*** Input material ***

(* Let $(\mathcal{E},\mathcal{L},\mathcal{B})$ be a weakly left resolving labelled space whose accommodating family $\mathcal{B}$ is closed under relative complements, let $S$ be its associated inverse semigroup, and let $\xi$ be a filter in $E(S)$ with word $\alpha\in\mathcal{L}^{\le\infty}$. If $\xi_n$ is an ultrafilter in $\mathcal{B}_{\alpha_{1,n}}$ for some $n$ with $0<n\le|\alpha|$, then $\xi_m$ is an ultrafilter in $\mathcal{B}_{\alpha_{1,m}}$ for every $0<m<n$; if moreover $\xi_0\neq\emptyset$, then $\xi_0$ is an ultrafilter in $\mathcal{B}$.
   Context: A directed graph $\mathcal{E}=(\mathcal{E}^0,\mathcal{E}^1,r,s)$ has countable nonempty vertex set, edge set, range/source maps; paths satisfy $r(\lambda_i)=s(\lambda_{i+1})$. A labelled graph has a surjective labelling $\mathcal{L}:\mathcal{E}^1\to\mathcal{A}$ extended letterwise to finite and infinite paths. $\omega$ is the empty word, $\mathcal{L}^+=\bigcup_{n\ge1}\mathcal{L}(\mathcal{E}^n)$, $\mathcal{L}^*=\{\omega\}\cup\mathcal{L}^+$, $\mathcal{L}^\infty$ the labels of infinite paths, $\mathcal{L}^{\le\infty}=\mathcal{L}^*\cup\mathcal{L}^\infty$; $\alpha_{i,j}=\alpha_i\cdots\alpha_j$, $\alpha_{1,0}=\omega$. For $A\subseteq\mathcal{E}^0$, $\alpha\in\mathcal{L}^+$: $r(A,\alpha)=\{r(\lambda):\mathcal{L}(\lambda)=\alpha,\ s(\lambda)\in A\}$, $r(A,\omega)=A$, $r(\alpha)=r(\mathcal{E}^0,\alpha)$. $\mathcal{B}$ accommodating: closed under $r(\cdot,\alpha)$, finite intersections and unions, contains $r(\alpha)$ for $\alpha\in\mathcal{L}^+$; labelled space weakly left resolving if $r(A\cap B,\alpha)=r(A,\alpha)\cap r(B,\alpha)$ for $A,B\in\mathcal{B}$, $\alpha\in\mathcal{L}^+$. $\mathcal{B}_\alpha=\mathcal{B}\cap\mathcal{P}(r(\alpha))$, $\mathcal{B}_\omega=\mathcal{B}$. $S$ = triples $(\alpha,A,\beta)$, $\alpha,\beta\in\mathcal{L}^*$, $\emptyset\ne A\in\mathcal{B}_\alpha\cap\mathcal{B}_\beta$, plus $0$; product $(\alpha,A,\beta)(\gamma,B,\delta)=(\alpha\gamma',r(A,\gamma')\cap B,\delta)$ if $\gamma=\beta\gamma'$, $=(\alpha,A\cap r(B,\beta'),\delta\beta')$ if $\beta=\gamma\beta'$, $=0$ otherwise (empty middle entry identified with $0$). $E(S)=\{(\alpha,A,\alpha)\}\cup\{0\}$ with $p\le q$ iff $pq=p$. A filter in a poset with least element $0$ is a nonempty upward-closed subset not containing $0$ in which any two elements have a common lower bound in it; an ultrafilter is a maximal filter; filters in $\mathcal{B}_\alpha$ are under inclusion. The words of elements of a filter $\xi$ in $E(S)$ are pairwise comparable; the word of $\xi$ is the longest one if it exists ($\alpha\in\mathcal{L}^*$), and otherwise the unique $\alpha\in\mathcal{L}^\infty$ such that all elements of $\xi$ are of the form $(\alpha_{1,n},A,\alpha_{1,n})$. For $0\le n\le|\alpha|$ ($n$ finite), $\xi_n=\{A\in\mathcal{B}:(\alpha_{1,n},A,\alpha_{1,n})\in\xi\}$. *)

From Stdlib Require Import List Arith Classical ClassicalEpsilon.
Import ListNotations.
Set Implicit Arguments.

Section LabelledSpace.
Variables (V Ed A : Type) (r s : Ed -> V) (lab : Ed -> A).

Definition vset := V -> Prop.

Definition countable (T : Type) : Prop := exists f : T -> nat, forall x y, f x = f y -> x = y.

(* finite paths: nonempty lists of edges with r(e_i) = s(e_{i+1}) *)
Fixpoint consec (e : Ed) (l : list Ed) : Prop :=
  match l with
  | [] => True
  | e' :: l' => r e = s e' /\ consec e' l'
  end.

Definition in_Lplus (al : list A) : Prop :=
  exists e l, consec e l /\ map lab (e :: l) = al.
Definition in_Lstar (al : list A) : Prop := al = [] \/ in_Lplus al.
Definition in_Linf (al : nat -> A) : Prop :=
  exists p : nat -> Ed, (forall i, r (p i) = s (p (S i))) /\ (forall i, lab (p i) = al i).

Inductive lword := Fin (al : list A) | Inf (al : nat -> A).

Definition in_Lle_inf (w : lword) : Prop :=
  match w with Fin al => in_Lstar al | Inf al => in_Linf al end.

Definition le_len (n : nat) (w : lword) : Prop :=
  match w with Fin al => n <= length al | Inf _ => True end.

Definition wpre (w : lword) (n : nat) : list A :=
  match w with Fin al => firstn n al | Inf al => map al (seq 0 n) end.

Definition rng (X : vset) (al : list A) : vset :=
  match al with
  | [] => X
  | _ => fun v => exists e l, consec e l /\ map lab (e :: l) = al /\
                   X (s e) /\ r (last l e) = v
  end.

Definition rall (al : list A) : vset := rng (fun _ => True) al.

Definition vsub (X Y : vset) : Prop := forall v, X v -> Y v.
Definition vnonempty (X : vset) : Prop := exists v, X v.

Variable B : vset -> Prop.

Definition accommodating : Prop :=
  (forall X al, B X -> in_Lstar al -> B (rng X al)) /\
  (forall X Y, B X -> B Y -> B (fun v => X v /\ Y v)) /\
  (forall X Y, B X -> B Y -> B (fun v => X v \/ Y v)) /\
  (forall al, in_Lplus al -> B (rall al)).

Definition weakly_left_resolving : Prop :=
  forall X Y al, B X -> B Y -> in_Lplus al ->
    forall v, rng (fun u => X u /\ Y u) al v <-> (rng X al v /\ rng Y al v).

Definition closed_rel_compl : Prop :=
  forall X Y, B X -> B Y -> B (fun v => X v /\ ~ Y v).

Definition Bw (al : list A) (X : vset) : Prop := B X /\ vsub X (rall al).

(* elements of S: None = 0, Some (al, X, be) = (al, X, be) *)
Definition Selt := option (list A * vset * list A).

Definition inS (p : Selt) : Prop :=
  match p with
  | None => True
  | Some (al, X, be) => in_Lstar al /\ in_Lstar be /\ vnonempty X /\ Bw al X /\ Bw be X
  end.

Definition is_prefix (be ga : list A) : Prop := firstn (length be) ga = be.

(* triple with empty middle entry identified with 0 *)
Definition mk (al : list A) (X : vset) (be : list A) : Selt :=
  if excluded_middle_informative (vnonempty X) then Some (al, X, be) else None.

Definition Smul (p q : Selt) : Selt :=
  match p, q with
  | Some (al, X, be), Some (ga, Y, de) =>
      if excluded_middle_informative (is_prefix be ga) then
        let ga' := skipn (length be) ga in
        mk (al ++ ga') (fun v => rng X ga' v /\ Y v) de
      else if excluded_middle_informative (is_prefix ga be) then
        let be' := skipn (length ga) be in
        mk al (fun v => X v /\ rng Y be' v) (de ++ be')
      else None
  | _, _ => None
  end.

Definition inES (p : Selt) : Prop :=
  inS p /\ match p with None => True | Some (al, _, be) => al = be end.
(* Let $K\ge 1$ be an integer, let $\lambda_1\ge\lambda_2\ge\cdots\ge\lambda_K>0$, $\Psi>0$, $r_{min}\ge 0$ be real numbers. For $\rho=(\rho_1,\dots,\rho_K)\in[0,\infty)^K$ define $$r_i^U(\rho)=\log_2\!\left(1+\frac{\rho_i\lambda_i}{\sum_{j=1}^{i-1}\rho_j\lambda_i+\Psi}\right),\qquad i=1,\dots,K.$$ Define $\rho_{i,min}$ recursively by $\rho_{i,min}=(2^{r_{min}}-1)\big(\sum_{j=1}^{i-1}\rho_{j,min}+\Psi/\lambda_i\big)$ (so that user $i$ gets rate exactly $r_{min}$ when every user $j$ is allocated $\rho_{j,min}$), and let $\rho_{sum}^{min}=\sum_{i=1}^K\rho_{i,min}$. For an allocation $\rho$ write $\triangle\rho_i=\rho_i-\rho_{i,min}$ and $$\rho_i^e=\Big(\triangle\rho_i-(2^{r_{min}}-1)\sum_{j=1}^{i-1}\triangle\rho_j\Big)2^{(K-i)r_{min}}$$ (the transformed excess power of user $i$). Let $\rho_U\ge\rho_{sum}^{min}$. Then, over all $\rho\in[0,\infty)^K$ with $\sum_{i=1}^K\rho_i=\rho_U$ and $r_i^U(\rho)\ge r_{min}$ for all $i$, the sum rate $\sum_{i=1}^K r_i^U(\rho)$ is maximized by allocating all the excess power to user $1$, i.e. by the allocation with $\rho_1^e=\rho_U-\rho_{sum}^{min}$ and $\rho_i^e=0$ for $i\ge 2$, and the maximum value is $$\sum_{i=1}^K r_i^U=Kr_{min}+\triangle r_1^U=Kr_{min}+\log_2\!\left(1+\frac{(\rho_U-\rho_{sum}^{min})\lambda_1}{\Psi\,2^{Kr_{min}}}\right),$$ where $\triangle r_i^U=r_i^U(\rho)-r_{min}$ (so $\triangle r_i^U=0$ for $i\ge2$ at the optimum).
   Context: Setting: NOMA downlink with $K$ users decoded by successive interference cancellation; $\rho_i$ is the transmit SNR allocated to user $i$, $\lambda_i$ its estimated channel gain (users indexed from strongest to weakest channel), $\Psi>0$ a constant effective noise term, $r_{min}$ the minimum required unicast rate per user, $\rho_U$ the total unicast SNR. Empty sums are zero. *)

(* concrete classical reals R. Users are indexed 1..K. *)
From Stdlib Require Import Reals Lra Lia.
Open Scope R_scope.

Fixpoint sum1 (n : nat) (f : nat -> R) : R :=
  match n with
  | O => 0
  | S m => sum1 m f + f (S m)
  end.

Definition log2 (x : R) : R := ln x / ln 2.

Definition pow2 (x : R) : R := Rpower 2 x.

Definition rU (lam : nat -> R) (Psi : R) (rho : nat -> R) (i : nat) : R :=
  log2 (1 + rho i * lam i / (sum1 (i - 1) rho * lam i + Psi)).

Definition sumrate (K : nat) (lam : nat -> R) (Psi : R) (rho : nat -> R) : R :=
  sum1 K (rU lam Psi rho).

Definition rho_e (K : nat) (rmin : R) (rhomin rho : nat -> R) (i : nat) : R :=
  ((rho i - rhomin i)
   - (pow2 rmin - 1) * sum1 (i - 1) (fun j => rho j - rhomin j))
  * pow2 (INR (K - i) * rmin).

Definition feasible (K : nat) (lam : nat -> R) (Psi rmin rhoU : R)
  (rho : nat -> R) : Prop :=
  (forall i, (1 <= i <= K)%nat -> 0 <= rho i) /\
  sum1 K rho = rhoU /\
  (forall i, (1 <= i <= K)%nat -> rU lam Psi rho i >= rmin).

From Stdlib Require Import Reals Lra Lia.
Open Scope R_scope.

*** End of Input material ***

*Work order*
Go through the listing above and list every line that has the word "firstn".

*Response*
  match w with Fin al => firstn n al | Inf al => map al (seq 0 n) end.
Definition is_prefix (be ga : list A) : Prop := firstn (length be) ga = be.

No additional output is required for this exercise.